Definition dl u a v w := if u is b :: u' then (b == a)%:R * shcoef u' v w else 0.
Definition dr u v a w := if v is c :: v' then (c == a)%:R * qpow u a * shcoef u v' w else 0.

Lemma shcoef_cons u v a w : shcoef u v (a :: w) = dl u a v w + dr u v a w.
Proof.
case: u => [|b u]; case: v => [|c v].
- by rewrite shcoef_nil_l /= add0r.
- rewrite shcoef_nil_l /= add0r /qpow big_nil expr0z mulr1 shcoef_nil_l eqseq_cons.
  by case: (c == a); case: (v == w); rewrite ?mul1r ?mul0r.
- rewrite shcoef_nil_r /= addr0 shcoef_nil_r eqseq_cons.
  by case: (b == a); case: (u == w); rewrite ?mul1r ?mul0r.
- rewrite /shcoef wshuffle_cons vcoef_cat vcoef_vscale !vcoef_vcons /=.
  by case: (eqVneq c a) => [->|_]; rewrite ?mul0r ?mulr0 // mulrCA mulrA.
Qed.

Lemma qpow_map_negb u a : qpow (map negb u) (~~ a) = qpow u a.
Proof. by rewrite /qpow big_map; congr (_ ^ _); apply: eq_bigr => c _; case: c; case: a. Qed.

Lemma shcoef_map_negb u v w :
  shcoef (map negb u) (map negb v) (map negb w) = shcoef u v w.
Proof.
elim: w u v => [|a w IHw] u v; first by rewrite !shcoef_nil; case: u; case: v.
rewrite /= !shcoef_cons; congr (_ + _).
  by case: u => [|b u] //=; rewrite IHw; case: a; case: b.
by case: v => [|c v] //=; rewrite IHw qpow_map_negb; case: a; case: c.
Qed.

Lemma shcoef_mirror u v w : shcoef u v (map negb w) = shcoef (map negb u) (map negb v) w.
Proof. by rewrite -shcoef_map_negb !mapK //; apply: negbK. Qed.

(* [ind_pos k * f k.-1] is f (k - 1) for k > 0 and 0 for k = 0, as in the
   first-letter expansion of G_k = y W_{-(k-1)}, G_0 = 1. *)
Definition ind_pos (k : nat) : F := (0 < k)%:R.

Lemma ind_pos0 : ind_pos 0 = 0. Proof. by []. Qed.
Lemma ind_posS k : ind_pos k.+1 = 1. Proof. by []. Qed.

Lemma sum_pairing_wg k a : \sum_(c <- wg k) pairing c a = 0.
Proof.
elim: k => [|k IHk]; first by rewrite big_nil.
by rewrite wgS wm_cons !big_cons IHk addr0; case: (a).
Qed.

Lemma sum_pairing_wgt k a : \sum_(c <- wgt k) pairing c a = 0.
Proof.
elim: k => [|k IHk]; first by rewrite big_nil.
by rewrite wgtS wp_cons !big_cons IHk addr0; case: (a).
Qed.

Lemma qpow_wg k a : qpow (wg k) a = 1.
Proof. by rewrite /qpow sum_pairing_wg expr0z. Qed.

Lemma qpow_wgt k a : qpow (wgt k) a = 1.
Proof. by rewrite /qpow sum_pairing_wgt expr0z. Qed.

Lemma qpow_wm k a : qpow (wm k) a = if a then (q ^+ 2)^-1 else q ^+ 2.
Proof. by rewrite /qpow wm_cons big_cons sum_pairing_wg addr0; case: a. Qed.

Lemma qpow_wp k a : qpow (wp k) a = if a then q ^+ 2 else (q ^+ 2)^-1.
Proof. by rewrite /qpow wp_cons big_cons sum_pairing_wgt addr0; case: a. Qed.

Lemma dl_wm k a v w : dl (wm k) a v w = if a then 0 else shcoef (wg k) v w.
Proof. by rewrite wm_cons; case: a; rewrite /= ?mul0r ?mul1r. Qed.

Lemma dl_wp k a v w : dl (wp k) a v w = if a then shcoef (wgt k) v w else 0.
Proof. by rewrite wp_cons; case: a; rewrite /= ?mul0r ?mul1r. Qed.

Lemma dl_wg k a v w : dl (wg k) a v w = if a then ind_pos k * shcoef (wm k.-1) v w else 0.
Proof. by case: k => [|k]; rewrite ?wgS; case: a; rewrite /= ?mul0r. Qed.

Lemma dl_wgt k a v w : dl (wgt k) a v w = if a then 0 else ind_pos k * shcoef (wp k.-1) v w.
Proof. by case: k => [|k]; rewrite ?wgtS; case: a; rewrite /= ?mul0r. Qed.

Lemma dr_wm u k a w : dr u (wm k) a w = if a then 0 else qpow u lx * shcoef u (wg k) w.
Proof. by rewrite wm_cons; case: a; rewrite /= ?mul0r ?mul1r. Qed.

Lemma dr_wp u k a w : dr u (wp k) a w = if a then qpow u ly * shcoef u (wgt k) w else 0.
Proof. by rewrite wp_cons; case: a; rewrite /= ?mul0r ?mul1r. Qed.

Lemma dr_wg u k a w :
  dr u (wg k) a w = if a then ind_pos k * qpow u ly * shcoef u (wm k.-1) w else 0.
Proof. by case: k => [|k]; rewrite ?wgS; case: a; rewrite /= ?mul0r. Qed.

Lemma dr_wgt u k a w :
  dr u (wgt k) a w = if a then 0 else ind_pos k * qpow u lx * shcoef u (wp k.-1) w.
Proof. by case: k => [|k]; rewrite ?wgtS; case: a; rewrite /= ?mul0r. Qed.

Definition qpowE := (qpow_wm, qpow_wp, qpow_wg, qpow_wgt).
Definition dlE := (dl_wm, dl_wp, dl_wg, dl_wgt).
Definition drE := (dr_wm, dr_wp, dr_wg, dr_wgt).

Record relations (w : word) : Prop := Relations {
  comm_Wm k l : comm_coef (wm k) (wm l) w = 0;
  comm_G k l : comm_coef (wg k) (wg l) w = 0;
  comm_Wm_G k l :
    ind_pos k * comm_coef (wm k.-1) (wg l) w = ind_pos l * comm_coef (wm l.-1) (wg k) w;
  qcomm_Wm_G k l : qcomm_coef (wm k) (wg l) w = qcomm_coef (wm l) (wg k) w;
  qcomm_Gt_Wm k l : qcomm_coef (wgt k) (wm l) w = qcomm_coef (wgt l) (wm k) w;
  comm_G_Gt k l :
    comm_coef (wg k) (wgt l.+1) w - comm_coef (wg l) (wgt k.+1) w =
    q * qcomm_coef (wm l) (wp k) w - q * qcomm_coef (wm k) (wp l) w;
  qcomm_G_Gt k l :
    qcomm_coef (wg k) (wgt l) w - qcomm_coef (wg l) (wgt k) w =
    q * (ind_pos l * comm_coef (wm l.-1) (wp k) w) -
    q * (ind_pos k * comm_coef (wm k.-1) (wp l) w);
  comm_Wm_Gt k l :
    ind_pos k * comm_coef (wm k.-1) (wgt l) w = ind_pos l * comm_coef (wm l.-1) (wgt k) w
}.

Section Mirror.
Variable w : word.
Hypothesis Rnw : relations (map negb w).

Lemma mirror_qcomm_Wp_Gt k l : qcomm_coef (wp k) (wgt l) w = qcomm_coef (wp l) (wgt k) w.
Proof.
by have := qcomm_Wm_G Rnw k l; rewrite /qcomm_coef !shcoef_mirror !map_negbE.
Qed.

Lemma mirror_qcomm_G_Wp k l : qcomm_coef (wg k) (wp l) w = qcomm_coef (wg l) (wp k) w.
Proof.
by have := qcomm_Gt_Wm Rnw k l; rewrite /qcomm_coef !shcoef_mirror !map_negbE.
Qed.

Lemma mirror_comm_Gt_G k l :
  comm_coef (wgt k) (wg l.+1) w - comm_coef (wgt l) (wg k.+1) w =
  q * qcomm_coef (wp l) (wm k) w - q * qcomm_coef (wp k) (wm l) w.
Proof.
have := comm_G_Gt Rnw k l.
by rewrite /comm_coef /qcomm_coef !shcoef_mirror !map_negbE.
Qed.

Lemma mirror_qcomm_Gt_G k l :
  qcomm_coef (wgt k) (wg l) w - qcomm_coef (wgt l) (wg k) w =
  q * (ind_pos l * comm_coef (wp l.-1) (wm k) w) -
  q * (ind_pos k * comm_coef (wp k.-1) (wm l) w).
Proof.
have := qcomm_G_Gt Rnw k l.
by rewrite /comm_coef /qcomm_coef !shcoef_mirror !map_negbE.
Qed.

End Mirror.

Lemma relations_nil : relations [::].
Proof.
by split=> k l; rewrite /comm_coef /qcomm_coef !shcoef_nil ?wm_cons ?wp_cons /=
  ?wg_eq_nil ?wgt_eq_nil; ring.
Qed.

Lemma eq_by_lincomb1 (c x y a b : F) : a = b -> x - y = c * (a - b) -> x = y.
Proof. by move=> -> /eqP; rewrite subrr mulr0 subr_eq0 => /eqP. Qed.
Arguments eq_by_lincomb1 c {x y a b}.

Lemma eq_by_lincomb2 (c1 c2 x y a1 b1 a2 b2 : F) :
  a1 = b1 -> a2 = b2 -> x - y = c1 * (a1 - b1) + c2 * (a2 - b2) -> x = y.
Proof. by move=> -> -> /eqP; rewrite !subrr !mulr0 addr0 subr_eq0 => /eqP. Qed.
Arguments eq_by_lincomb2 c1 c2 {x y a1 b1 a2 b2}.

Hypothesis q_neq0 : q != 0.

(* Leaves two goals: first a = y (true), then a = x (false). *)
Ltac expand_head a :=
  rewrite /comm_coef /qcomm_coef !shcoef_cons ?dlE ?drE ?qpowE; case: a; cbv beta iota.

Ltac solve_lin :=
  rewrite /comm_coef /qcomm_coef ?ind_posS ?succnK; field.

Section Step.
Variable w : word.
Hypotheses (Rw : relations w) (Rnw : relations (map negb w)).

Lemma comm_Wm_cons a k l : comm_coef (wm k) (wm l) (a :: w) = 0.
Proof.
expand_head a; first by ring.
by apply: (eq_by_lincomb1 q (qcomm_Wm_G Rw k l)); solve_lin.
Qed.

Lemma comm_G_cons a k l : comm_coef (wg k) (wg l) (a :: w) = 0.
Proof.
expand_head a; last by ring.
by apply: (eq_by_lincomb1 1 (comm_Wm_G Rw k l)); solve_lin.
Qed.

Lemma comm_Wm_G_cons a k l :
  ind_pos k * comm_coef (wm k.-1) (wg l) (a :: w) =
  ind_pos l * comm_coef (wm l.-1) (wg k) (a :: w).
Proof.
expand_head a.
  apply: (eq_by_lincomb1 (ind_pos k * ind_pos l * (1 + q^-2)) (comm_Wm Rw k.-1 l.-1)).
  by solve_lin.
apply: (eq_by_lincomb2 (ind_pos k) (- ind_pos l) (comm_G Rw k.-1 l) (comm_G Rw l.-1 k)).
by solve_lin.
Qed.

Lemma qcomm_Wm_G_cons a k l :
  qcomm_coef (wm k) (wg l) (a :: w) = qcomm_coef (wm l) (wg k) (a :: w).
Proof.
expand_head a.
  apply: (eq_by_lincomb2 (q^-1 * ind_pos l) (- q^-1 * ind_pos k)
           (comm_Wm Rw k l.-1) (comm_Wm Rw l k.-1)).
  by solve_lin.
by apply: (eq_by_lincomb1 (q + q^-1) (comm_G Rw k l)); solve_lin.
Qed.

Lemma qcomm_Gt_Wm_cons a k l :
  qcomm_coef (wgt k) (wm l) (a :: w) = qcomm_coef (wgt l) (wm k) (a :: w).
Proof.
expand_head a; first by ring.
by apply: (eq_by_lincomb1 1 (mirror_qcomm_Gt_G Rnw k l)); solve_lin.
Qed.

Lemma comm_G_Gt_cons a k l :
  comm_coef (wg k) (wgt l.+1) (a :: w) - comm_coef (wg l) (wgt k.+1) (a :: w) =
  q * qcomm_coef (wm l) (wp k) (a :: w) - q * qcomm_coef (wm k) (wp l) (a :: w).
Proof.
expand_head a.
  apply: (eq_by_lincomb2 1 (-1) (comm_Wm_Gt Rw k l.+1) (comm_Wm_Gt Rw l k.+1)).
  by solve_lin.
by apply: (eq_by_lincomb1 (q + q^-1) (mirror_qcomm_G_Wp Rnw k l)); solve_lin.
Qed.

Lemma qcomm_G_Gt_cons a k l :
  qcomm_coef (wg k) (wgt l) (a :: w) - qcomm_coef (wg l) (wgt k) (a :: w) =
  q * (ind_pos l * comm_coef (wm l.-1) (wp k) (a :: w)) -
  q * (ind_pos k * comm_coef (wm k.-1) (wp l) (a :: w)).
Proof.
expand_head a.
  by apply: (eq_by_lincomb1 (q + q^-1) (comm_Wm_Gt Rw k l)); solve_lin.
apply: (eq_by_lincomb2 (ind_pos l) (- ind_pos k)
         (mirror_qcomm_G_Wp Rnw k l.-1) (mirror_qcomm_G_Wp Rnw l k.-1)).
by solve_lin.
Qed.

Lemma comm_Wm_Gt_cons a k l :
  ind_pos k * comm_coef (wm k.-1) (wgt l) (a :: w) =
  ind_pos l * comm_coef (wm l.-1) (wgt k) (a :: w).
Proof.
expand_head a; first by ring.
case: k => [|k]; case: l => [|l];
  rewrite ?ind_pos0 ?wgt0 ?shcoef_nil_l ?shcoef_nil_r; try by ring.
by apply: (eq_by_lincomb1 1 (comm_G_Gt Rw k l)); solve_lin.
Qed.

Lemma relations_cons a : relations (a :: w).
Proof.
split=> k l.
- exact: comm_Wm_cons.
- exact: comm_G_cons.
- exact: comm_Wm_G_cons.
- exact: qcomm_Wm_G_cons.
- exact: qcomm_Gt_Wm_cons.
- exact: comm_G_Gt_cons.
- exact: qcomm_G_Gt_cons.
- exact: comm_Wm_Gt_cons.
Qed.

End Step.

Lemma relations_all w : relations w.
Proof.
suff: relations w /\ relations (map negb w) by case.
elim: w => [|a w [Rw Rnw]]; first by split; apply: relations_nil.
split; first exact: relations_cons.
by apply: relations_cons; rewrite // (mapK negbK).
Qed.

End QShuffleCoefficients.

Lemma W_opp (F : fieldType) (k : nat) : W F (- (k : int)) = vword F (wm k).
Proof. by case: k. Qed.

Lemma W_oppS (F : fieldType) (k : nat) : W F (- (k : int) - 1) = vword F (wm k.+1).
Proof. by rewrite -opprD -PoszD addn1. Qed.

Lemma W_add1 (F : fieldType) (k : nat) : W F ((k : int) + 1) = vword F (wp k).
Proof. by rewrite -PoszD addn1. Qed.

Lemma W_add2 (F : fieldType) (k : nat) : W F ((k : int) + 2) = vword F (wp k.+1).
Proof. by rewrite -PoszD addn2. Qed.

Lemma G_vword (F : fieldType) k : G F k = vword F (wg k). Proof. by []. Qed.

Lemma Gt_vword (F : fieldType) k : Gt F k = vword F (wgt k). Proof. by []. Qed.

Theorem proposition5p11 (F : fieldType) (q : F) (hq0 : q != 0)
    (hq : forall n : nat, (0 < n)%N -> q ^+ n != 1) (k l : nat) :
  let kz := (k : int) in let lz := (l : int) in
  veq (qcomm q (W F (- kz)) (G F l)) (qcomm q (W F (- lz)) (G F k)) /\
      veq (qcomm q (G F k) (W F (lz + 1))) (qcomm q (G F l) (W F (kz + 1))) /\
      veq (qcomm q (Gt F k) (W F (- lz))) (qcomm q (Gt F l) (W F (- kz))) /\
      veq (qcomm q (W F (lz + 1)) (Gt F k)) (qcomm q (W F (kz + 1)) (Gt F l)) /\
      veq (vsub (comm q (G F k) (Gt F l.+1)) (comm q (G F l) (Gt F k.+1)))
          (vsub (vscale q (qcomm q (W F (- lz)) (W F (kz + 1))))
                (vscale q (qcomm q (W F (- kz)) (W F (lz + 1))))) /\
      veq (vsub (comm q (Gt F k) (G F l.+1)) (comm q (Gt F l) (G F k.+1)))
          (vsub (vscale q (qcomm q (W F (lz + 1)) (W F (- kz))))
                (vscale q (qcomm q (W F (kz + 1)) (W F (- lz))))) /\
      veq (vsub (qcomm q (G F k.+1) (Gt F l.+1)) (qcomm q (G F l.+1) (Gt F k.+1)))
          (vsub (vscale q (comm q (W F (- lz)) (W F (kz + 2))))
                (vscale q (comm q (W F (- kz)) (W F (lz + 2))))) /\
      veq (vsub (qcomm q (Gt F k.+1) (G F l.+1)) (qcomm q (Gt F l.+1) (G F k.+1)))
          (vsub (vscale q (comm q (W F (lz + 1)) (W F (- kz - 1))))
                (vscale q (comm q (W F (kz + 1)) (W F (- lz - 1))))).
Proof.
move=> kz lz; rewrite /kz /lz !W_opp !W_oppS !W_add1 !W_add2 !G_vword !Gt_vword.
have R w := relations_all hq0 w.
have Rn w := relations_all hq0 (map negb w).
split; [|split; [|split; [|split; [|split; [|split; [|split]]]]]] => w;
  rewrite ?(vcoef_qcomm_vword, vcoef_comm_vword, vcoef_vsub, vcoef_vscale).
- exact: (qcomm_Wm_G (R w)).
- exact: (mirror_qcomm_G_Wp (Rn w)).
- exact: (qcomm_Gt_Wm (R w)).
- exact: (mirror_qcomm_Wp_Gt (Rn w)).
- exact: (comm_G_Gt (R w)).
- exact: (mirror_comm_Gt_G (Rn w)).
- by have := qcomm_G_Gt (R w) k.+1 l.+1; rewrite !ind_posS !mul1r.
- by have := mirror_qcomm_Gt_G (Rn w) k.+1 l.+1; rewrite !ind_posS !mul1r.
Qed.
----
Assignment:
If a line falls between the first line of the entries and the line containing "case: u => [|b u]; case: v => [|c v].", or is one of those two, restate it word for word; leave all other lines out.

Result:
Definition dl u a v w := if u is b :: u' then (b == a)%:R * shcoef u' v w else 0.
Definition dr u v a w := if v is c :: v' then (c == a)%:R * qpow u a * shcoef u v' w else 0.

Lemma shcoef_cons u v a w : shcoef u v (a :: w) = dl u a v w + dr u v a w.
Proof.
case: u => [|b u]; case: v => [|c v].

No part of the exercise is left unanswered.